* Investors pile new cash into commodities
* Producers hedge at higher prices
* But market remains oversupplied
* Crude oil rally: http://tmsnrt.rs/1SeW0aW
By Henning Gloystein
SINGAPORE, April 22 (Reuters) - Oil prices rose in Asian
trade on Friday, setting crude futures on course for one of
their biggest weekly gains this year, as sentiment has become
more upbeat despite ongoing oversupply.
International benchmark Brent crude futures LCOc1 were
trading at $45.09 per barrel at 0054 GMT, up more than half a
dollar from their last settlement.
U.S. West Texas Intermediate (WTI) crude was up 52 cents at
$43.70 a barrel.
With Brent up 8 percent since Monday and WTI 12 percent
higher since April 18, this week is set for some of the steepest
price rallies so far this year, and crude is up by more than
two-thirds since its 2016 lows between January and February.

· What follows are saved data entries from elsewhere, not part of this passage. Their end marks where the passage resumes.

Lemma filterlim_of_Cmod_le_inv (u : nat -> C) (l : C) (N : nat) (c : R) :
  (forall m, (N <= m)%nat -> (Cmod (u m - l) <= c / INR m)%R) ->
  filterlim u eventually (locally l).
Proof.
  intros H. apply filterlim_locally. intros eps. pose proof (cond_pos eps).
  destruct (INR_archimed eps (Rabs c) (cond_pos eps)) as [M HM].
  exists (N + M + 1)%nat. intros m Hm. apply C_NormedModule_mixin_compat1.
  change (minus (u m) l) with (u m - l).
  pose proof (le_INR _ _ Hm) as Hm'. rewrite !plus_INR in Hm'. simpl in Hm'.
  pose proof (pos_INR N). pose proof (pos_INR M).
  eapply Rle_lt_trans; [apply H; lia|].
  apply (Rmult_lt_reg_r (INR m)); [lra|].
  unfold Rdiv. rewrite Rmult_assoc, Rinv_l, Rmult_1_r by lra.
  pose proof (Rle_abs c). nra.
Qed.

Definition gauss_shift_factor (s : C) (m : nat) : C :=
  RtoC (INR (S m) / INR m) * Cexp (s * RtoC (log_step m)).

Lemma poch_S_shift (s : C) (n : nat) : poch s (S n) = s * poch (s + 1) n.
Proof.
  induction n as [|n IH]; [simpl; ring|].
  change (poch s (S (S n))) with (poch s (S n) * (s + RtoC (INR (S n)))).
  rewrite IH. change (poch (s + 1) (S n)) with (poch (s + 1) n * (s + 1 + RtoC (INR n))).
  rewrite S_INR, RtoC_plus. ring.
Qed.

Lemma rgamma_approx_shift (s : C) (m : nat) : (1 <= m)%nat ->
  s * rgamma_approx (s + 1) m = rgamma_approx s (S m) * gauss_shift_factor s m.
Proof.
  intros Hm. unfold rgamma_approx, gauss_shift_factor.
  rewrite (poch_S_shift s (S m)).
  change (fact (S m)) with (S m * fact m)%nat. rewrite mult_INR, RtoC_mult.
  replace (s * RtoC (ln (INR (S m)))) with (s * RtoC (ln (INR m)) + s * RtoC (log_step m))
    by (unfold log_step; rewrite RtoC_minus; ring).
  replace ((s + 1) * RtoC (ln (INR m))) with (s * RtoC (ln (INR m)) + RtoC (ln (INR m))) by ring.
  rewrite !Cexp_add, Cexp_RtoC, exp_ln by (apply (lt_INR 0); lia).
  pose proof (Cexp_neq0 (s * RtoC (ln (INR m)))). pose proof (Cexp_neq0 (s * RtoC (log_step m))).
  assert (INR m <> 0%R) by (apply not_0_INR; lia).
  assert (RtoC (INR (S m)) <> 0) by (apply RtoC_neq0, not_0_INR; lia).
  assert (RtoC (INR (fact m)) <> 0) by (apply RtoC_neq0, INR_fact_neq_0).
  rewrite RtoC_div by auto. field. split; auto. apply RtoC_neq0; auto.
Qed.

Lemma gauss_shift_factor_bound (s : C) (m : nat) : (1 <= m)%nat -> (2 * Cmod s <= INR m)%R ->
  (Cmod (gauss_shift_factor s m - 1) <= (3 + 4 * Cmod s) / INR m)%R.
Proof.
  intros Hm Hsm. pose proof (le_INR _ _ Hm) as Hm'. simpl in Hm'.
  set (w := s * RtoC (log_step m)).
  pose proof (Cmod_mul_log_step s m Hm) as Hw. fold w in Hw.
  assert (Hw2 : (Cmod w <= /2)%R) by (apply (Rmult_le_reg_r (INR m)); lra).
  pose proof (Cexp_sub1_bound w Hw2) as E.
  assert (CE : (Cmod (Cexp w) <= 3)%R).
  { replace (Cexp w) with ((Cexp w - 1) + 1) by ring.
    eapply Rle_trans; [apply Cmod_triangle|]. rewrite Cmod_1. lra. }
  unfold gauss_shift_factor. fold w.
  replace (RtoC (INR (S m) / INR m) * Cexp w - 1) with (RtoC (/ INR m) * Cexp w + (Cexp w - 1))
    by (rewrite S_INR; replace ((INR m + 1) / INR m)%R with (1 + / INR m)%R by (field; lra);
        rewrite RtoC_plus; ring).
  eapply Rle_trans; [apply Cmod_triangle|].
  rewrite Cmod_mult, Cmod_R, Rabs_pos_eq by (apply Rlt_le, Rinv_0_lt_compat; lra).
  apply (Rmult_le_reg_r (INR m)); [lra|].
  unfold Rdiv. rewrite Rmult_assoc, Rinv_l, Rmult_1_r by lra.
  rewrite Rmult_plus_distr_r, (Rmult_comm (/ INR m)), Rmult_assoc, Rinv_l by lra.
  pose proof (Cmod_ge_0 w). nra.
Qed.

Lemma gauss_shift_factor_lim (s : C) :
  filterlim (gauss_shift_factor s) eventually (locally (RtoC 1)).
Proof.
  destruct (INR_archimed 1 (2 * Cmod s) ltac:(lra)) as [n Hn]. rewrite Rmult_1_r in Hn.
  apply (filterlim_of_Cmod_le_inv _ _ (n + 1) (3 + 4 * Cmod s)).
  intros m Hm. apply gauss_shift_factor_bound; [lia|].
  apply le_INR in Hm. rewrite plus_INR in Hm. simpl in Hm. lra.
Qed.

Lemma RGamma_shift (s : C) : s * RGamma (s + 1) = RGamma s.
Proof.
  apply (filterlim_C_unique (fun m => s * rgamma_approx (s + 1) m)).
  - apply filterlim_Cmult; [apply filterlim_const|apply RGamma_spec].
  - rewrite <- (Cmult_1_r (RGamma s)).
    apply (filterlim_ext_loc (fun m => rgamma_approx s (S m) * gauss_shift_factor s m)).
    + exists 1%nat. intros m Hm. symmetry. apply rgamma_approx_shift. exact Hm.
    + apply filterlim_Cmult; [|apply gauss_shift_factor_lim].
      eapply filterlim_comp; [|apply RGamma_spec]. apply eventually_subseq. intros; lia.
Qed.

Lemma Cinv_0 : / RtoC 0 = 0.
Proof. unfold Cinv; simpl. unfold RtoC. f_equal; unfold Rdiv; ring. Qed.

Lemma Cinv_inv (x : C) : / / x = x.
Proof.
  destruct (Ceq_dec x 0) as [-> | H]; [rewrite !Cinv_0; reflexivity|].
  field. auto.
Qed.

Lemma Gamma_shift (s : C) : s <> 0 -> Gamma (s + 1) = s * Gamma s.
Proof.
  intros Hs. unfold Gamma. rewrite <- (RGamma_shift s).
  destruct (Ceq_dec (RGamma (s + 1)) 0) as [-> | H].
  - rewrite Cmult_0_r, Cinv_0. ring.
  - field. auto.
Qed.

Lemma RGamma_add_nat (y : C) (n : nat) : RGamma y = poch y n * RGamma (y + RtoC (INR n)).
Proof.
  induction n as [|n IH]; [simpl; rewrite Cplus_0_r; ring|].
  rewrite IH, <- (RGamma_shift (y + RtoC (INR n))), S_INR, RtoC_plus, Cplus_assoc. simpl. ring.
Qed.

Lemma Gamma_add_nat (x : C) (n : nat) : (forall j, (j < n)%nat -> x + RtoC (INR j) <> 0) ->
  Gamma (x + RtoC (INR n)) = poch x n * Gamma x.
Proof.
  induction n as [|n IH]; intros H; [simpl; rewrite Cplus_0_r; ring|].
  rewrite S_INR, RtoC_plus, Cplus_assoc, Gamma_shift, IH by (try apply H; intros; try apply H; lia).
  simpl. ring.
Qed.

(** * Polynomials in two variables *)

Lemma ZC_add (a b : Z) : ZC (a + b) = ZC a + ZC b.
Proof. unfold ZC. rewrite plus_IZR, RtoC_plus. reflexivity. Qed.

Lemma ZC_mul (a b : Z) : ZC (a * b) = ZC a * ZC b.
Proof. unfold ZC. rewrite mult_IZR, RtoC_mult. reflexivity. Qed.

Lemma ZC_opp (a : Z) : ZC (- a) = - ZC a.
Proof. unfold ZC. rewrite opp_IZR, RtoC_opp. reflexivity. Qed.

Lemma ZC_sub (a b : Z) : ZC (a - b) = ZC a - ZC b.
Proof. unfold Z.sub. rewrite ZC_add, ZC_opp. reflexivity. Qed.

Lemma ZC_0 : ZC 0 = 0.
Proof. reflexivity. Qed.

Lemma ZC_1 : ZC 1 = 1.
Proof. reflexivity. Qed.

Lemma ZC_inj (a b : Z) : ZC a = ZC b -> a = b.
Proof. unfold ZC. intros H. injection H. apply eq_IZR. Qed.

Lemma ZC_of_nat (m : nat) : ZC (Z.of_nat m) = RtoC (INR m).
Proof. unfold ZC. rewrite INR_IZR_INZ. reflexivity. Qed.

Lemma ZC_to_nat (v : Z) : (0 <= v)%Z -> RtoC (INR (Z.to_nat v)) = ZC v.
Proof. intros H. rewrite <- ZC_of_nat, Z2Nat.id by exact H. reflexivity. Qed.

Lemma not_pole_neq_ZC (s : C) (v : Z) : not_pole s -> (v <= 0)%Z -> s <> ZC v.
Proof.
  intros H Hv E. apply (H (Z.to_nat (- v))).
  rewrite E, ZC_to_nat, ZC_opp by lia. ring.
Qed.

Lemma not_pole_neq0 (s : C) : not_pole s -> s <> 0.
Proof. intros H E. apply (H 0%nat). rewrite E, INR_0. ring. Qed.

Lemma csum_ext (n : nat) (f g : nat -> C) :
  (forall i, (i < n)%nat -> f i = g i) -> csum n f = csum n g.
Proof.
  induction n as [|n IH]; intros H; simpl; [reflexivity|].
  rewrite IH, (H n) by (try intros; try apply H; lia). reflexivity.
Qed.

Lemma csum_add (n : nat) (f g : nat -> C) : csum n (fun i => f i + g i) = csum n f + csum n g.
Proof. induction n as [|n IH]; simpl; [ring|]. rewrite IH. ring. Qed.

Lemma csum_zero (n : nat) (f : nat -> C) : (forall i, (i < n)%nat -> f i = 0) -> csum n f = 0.
Proof.
  intros H. rewrite (csum_ext n f (fun _ => 0)) by auto. clear H.
  induction n as [|n IH]; simpl; [reflexivity|]. rewrite IH. ring.
Qed.

Lemma csum_indicator (n a : nat) (f : nat -> C) : (a < n)%nat ->
  csum n (fun i => if Nat.eqb a i then f i else 0) = f a.
Proof.
  induction n as [|n IH]; intros Ha; [lia|]. simpl.
  destruct (Nat.eqb_spec a n) as [-> | Hne].
  - rewrite csum_zero; [ring|]. intros i Hi. destruct (Nat.eqb_spec n i); [lia|reflexivity].
  - rewrite IH by lia. ring.
Qed.

Lemma csum_succ_shift (n : nat) (f : nat -> C) : csum (S n) f = f 0%nat + csum n (fun i => f (S i)).
Proof. induction n as [|n IH]; simpl; [ring|]. simpl in IH. rewrite IH. ring. Qed.

Lemma csum_mul_l (n : nat) (c : C) (f : nat -> C) : c * csum n f = csum n (fun i => c * f i).
Proof. induction n as [|n IH]; simpl; [ring|]. rewrite <- IH. ring. Qed.

Lemma cpown_add (x : C) (i j : nat) : cpown x (i + j) = cpown x i * cpown x j.
Proof.
  induction j as [|j IH]; [rewrite Nat.add_0_r; simpl; ring|].
  rewrite Nat.add_succ_r. simpl. rewrite IH. ring.
Qed.

(* Polynomials are built as expressions and only then converted to the coefficient form
   [poly2] required by [hypergeometric2]. *)
Inductive pexpr : Type :=
  | PC (c : C) | PX | PY | PAdd (p q : pexpr) | PMul (p q : pexpr).

Fixpoint pexpr_eval (e : pexpr) (x y : C) : C :=
  match e with
  | PC c => c
  | PX => x
  | PY => y
  | PAdd p q => pexpr_eval p x y + pexpr_eval q x y
  | PMul p q => pexpr_eval p x y * pexpr_eval q x y
  end.

Fixpoint pexpr_shiftX (e : pexpr) : pexpr :=
  match e with
  | PX => PAdd PX (PC 1)
  | PAdd p q => PAdd (pexpr_shiftX p) (pexpr_shiftX q)
  | PMul p q => PMul (pexpr_shiftX p) (pexpr_shiftX q)
  | e => e
  end.

Fixpoint pexpr_shiftY (e : pexpr) : pexpr :=
  match e with
  | PY => PAdd PY (PC 1)
  | PAdd p q => PAdd (pexpr_shiftY p) (pexpr_shiftY q)
  | PMul p q => PMul (pexpr_shiftY p) (pexpr_shiftY q)
  | e => e
  end.

Lemma pexpr_eval_shiftX (e : pexpr) (x y : C) :
  pexpr_eval (pexpr_shiftX e) x y = pexpr_eval e (x + 1) y.
Proof. induction e; simpl; try rewrite IHe1, IHe2; reflexivity. Qed.

Lemma pexpr_eval_shiftY (e : pexpr) (x y : C) :
  pexpr_eval (pexpr_shiftY e) x y = pexpr_eval e x (y + 1).
Proof. induction e; simpl; try rewrite IHe1, IHe2; reflexivity. Qed.

Definition monomial : Type := (C * nat * nat)%type.

Definition monomial_eval (m : monomial) (x y : C) : C :=
  let '(c, i, j) := m in c * cpown x i * cpown y j.

Fixpoint monomials_eval (L : list monomial) (x y : C) : C :=
  match L with nil => 0 | m :: L' => monomial_eval m x y + monomials_eval L' x y end.

Definition monomial_mul (m1 m2 : monomial) : monomial :=
  let '(c1, i1, j1) := m1 in let '(c2, i2, j2) := m2 in (c1 * c2, (i1 + i2)%nat, (j1 + j2)%nat).

Fixpoint monomials (e : pexpr) : list monomial :=
  match e with
  | PC c => (c, 0%nat, 0%nat) :: nil
  | PX => (RtoC 1, 1%nat, 0%nat) :: nil
  | PY => (RtoC 1, 0%nat, 1%nat) :: nil
  | PAdd p q => monomials p ++ monomials q
  | PMul p q => flat_map (fun m1 => map (monomial_mul m1) (monomials q)) (monomials p)
  end.

Lemma monomials_eval_app (L1 L2 : list monomial) (x y : C) :
  monomials_eval (L1 ++ L2) x y = monomials_eval L1 x y + monomials_eval L2 x y.
Proof. induction L1 as [|m L1 IH]; simpl; [|rewrite IH]; ring. Qed.

Lemma monomials_eval_mul (L1 L2 : list monomial) (x y : C) :
  monomials_eval (flat_map (fun m1 => map (monomial_mul m1) L2) L1) x y
  = monomials_eval L1 x y * monomials_eval L2 x y.
Proof.
  induction L1 as [|[[c1 i1] j1] L1 IH]; simpl; [ring|].
  rewrite monomials_eval_app, IH.
  enough (monomials_eval (map (monomial_mul (c1, i1, j1)) L2) x y
          = c1 * cpown x i1 * cpown y j1 * monomials_eval L2 x y) as -> by ring.
  clear IH. induction L2 as [|[[c2 i2] j2] L2 IH2]; simpl; [ring|].
  rewrite IH2, !cpown_add. ring.
Qed.

Lemma monomials_correct (e : pexpr) (x y : C) : monomials_eval (monomials e) x y = pexpr_eval e x y.
Proof.
  induction e; simpl; try ring.
  - rewrite monomials_eval_app, IHe1, IHe2. reflexivity.
  - rewrite monomials_eval_mul, IHe1, IHe2. reflexivity.
Qed.

Fixpoint monomials_deg (L : list monomial) : nat :=
  match L with nil => 0%nat | (_, i, j) :: L' => Nat.max (Nat.max i j) (monomials_deg L') end.

Fixpoint monomials_coef (L : list monomial) (i j : nat) : C :=
  match L with
  | nil => 0
  | (c, a, b) :: L' => (if andb (Nat.eqb a i) (Nat.eqb b j) then c else 0) + monomials_coef L' i j
  end.

Lemma peval2_add_coef (D : nat) (f g : nat -> nat -> C) (x y : C) :
  peval2 (Poly2 D (fun i j => f i j + g i j)) x y = peval2 (Poly2 D f) x y + peval2 (Poly2 D g) x y.
Proof.
  unfold peval2; cbn [deg2 coef2]. rewrite <- csum_add. apply csum_ext. intros i _.
  rewrite <- csum_add. apply csum_ext. intros j _. ring.
Qed.

Lemma peval2_single_coef (D a b : nat) (c x y : C) : (a <= D)%nat -> (b <= D)%nat ->
  peval2 (Poly2 D (fun i j => if andb (Nat.eqb a i) (Nat.eqb b j) then c else 0)) x y
  = c * cpown x a * cpown y b.
Proof.
  intros Ha Hb. unfold peval2; cbn [deg2 coef2].
  rewrite (csum_ext _ _ (fun i => if Nat.eqb a i then c * cpown x i * cpown y b else 0)).
  - apply csum_indicator. lia.
  - intros i _. destruct (Nat.eqb_spec a i) as [-> | Hne]; cbn [andb].
    + rewrite (csum_ext _ _ (fun j => if Nat.eqb b j then c * cpown x i * cpown y j else 0)).
      * apply csum_indicator. lia.
      * intros j _. destruct (Nat.eqb b j); ring.
    + apply csum_zero. intros; ring.
Qed.

Lemma peval2_monomials_coef (L : list monomial) (D : nat) (x y : C) :
  (monomials_deg L <= D)%nat -> peval2 (Poly2 D (monomials_coef L)) x y = monomials_eval L x y.
Proof.
  induction L as [|[[c a] b] L IH]; intros H.
  - unfold peval2; cbn [deg2 coef2 monomials_coef monomials_eval].
    apply csum_zero. intros i _. apply csum_zero. intros j _. ring.
  - simpl in H. cbn [monomials_coef monomials_eval monomial_eval].
    rewrite (peval2_add_coef D (fun i j => if andb (Nat.eqb a i) (Nat.eqb b j) then c else 0)).
    rewrite peval2_single_coef, IH by lia. reflexivity.
Qed.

Traders said that sentiment in the entire commodity complex
had turned more confident, with new cash being put into the
market by investors, lifting prices.
Another factor has been producers taking advantage of higher
prices by locking in production.
"We would expect producers in the U.S. taking every
opportunity to aggressively hedge as soon as there is
opportunity when oil prices recover for short periods of time,"

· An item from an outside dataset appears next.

(* Let $\mathfrak{C}$ be a chromosome-set. For every finite substring $s$ of $\mathfrak{C}$ there exists a unique MES for $\mathfrak{C}$, denoted $MES(s)$, such that $s$ occurs exactly once in $MES(s)$ and every occurrence of $s$ in an element of $\mathfrak{C}$ extends to an occurrence of $MES(s)$ (i.e. lies, at the position of this unique occurrence, inside an occurrence of $MES(s)$ in the same element).
   Context: All strings are over a fixed finite alphabet $\Sigma$. A cyclic string is a bi-infinite periodic word $\mathbb{Z}\to\Sigma$ up to shift, with least period $d$. A finite string is a substring of a cyclic string $c$ if it is a contiguous block of $c$; its occurrences in $c$ are counted by start positions modulo $d$; a cyclic string is a substring only of itself. A chromosome-set is a (possibly infinite) set of cyclic strings; a string is a substring of it if it is a substring of one of its elements. A (finite or cyclic) string $s$ is a multiplicity-extremal substring (MES) for $\mathfrak{C}$ if $s$ is a substring of $\mathfrak{C}$ and every proper superstring $t$ of $s$ (a string $t\neq s$ containing $s$ as a substring) has, in at least one element of $\mathfrak{C}$, strictly fewer occurrences than $s$. *)

From mathcomp Require Import all_boot.
Set Implicit Arguments. Unset Strict Implicit. Unset Printing Implicit Defensive.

French investment bank Natixis said.
Falling output, especially in the United States, where many
producers are shutting down following an up to 70 percent price
rout since 2014, is also helping to lift the market.
Natixis said it expected U.S. oil production to drop by at
least 500,000 to 600,000 barrels per day (bpd) this year,
compared with 2015, and by another 500,000 bpd in 2017.
Despite the recent rally, oil markets remain oversupplied as
between 1 and 2 million barrels of crude are being pumped out of
the ground every day in excess of demand, leaving storage tanks
around the world filled to the rims with unsold fuel.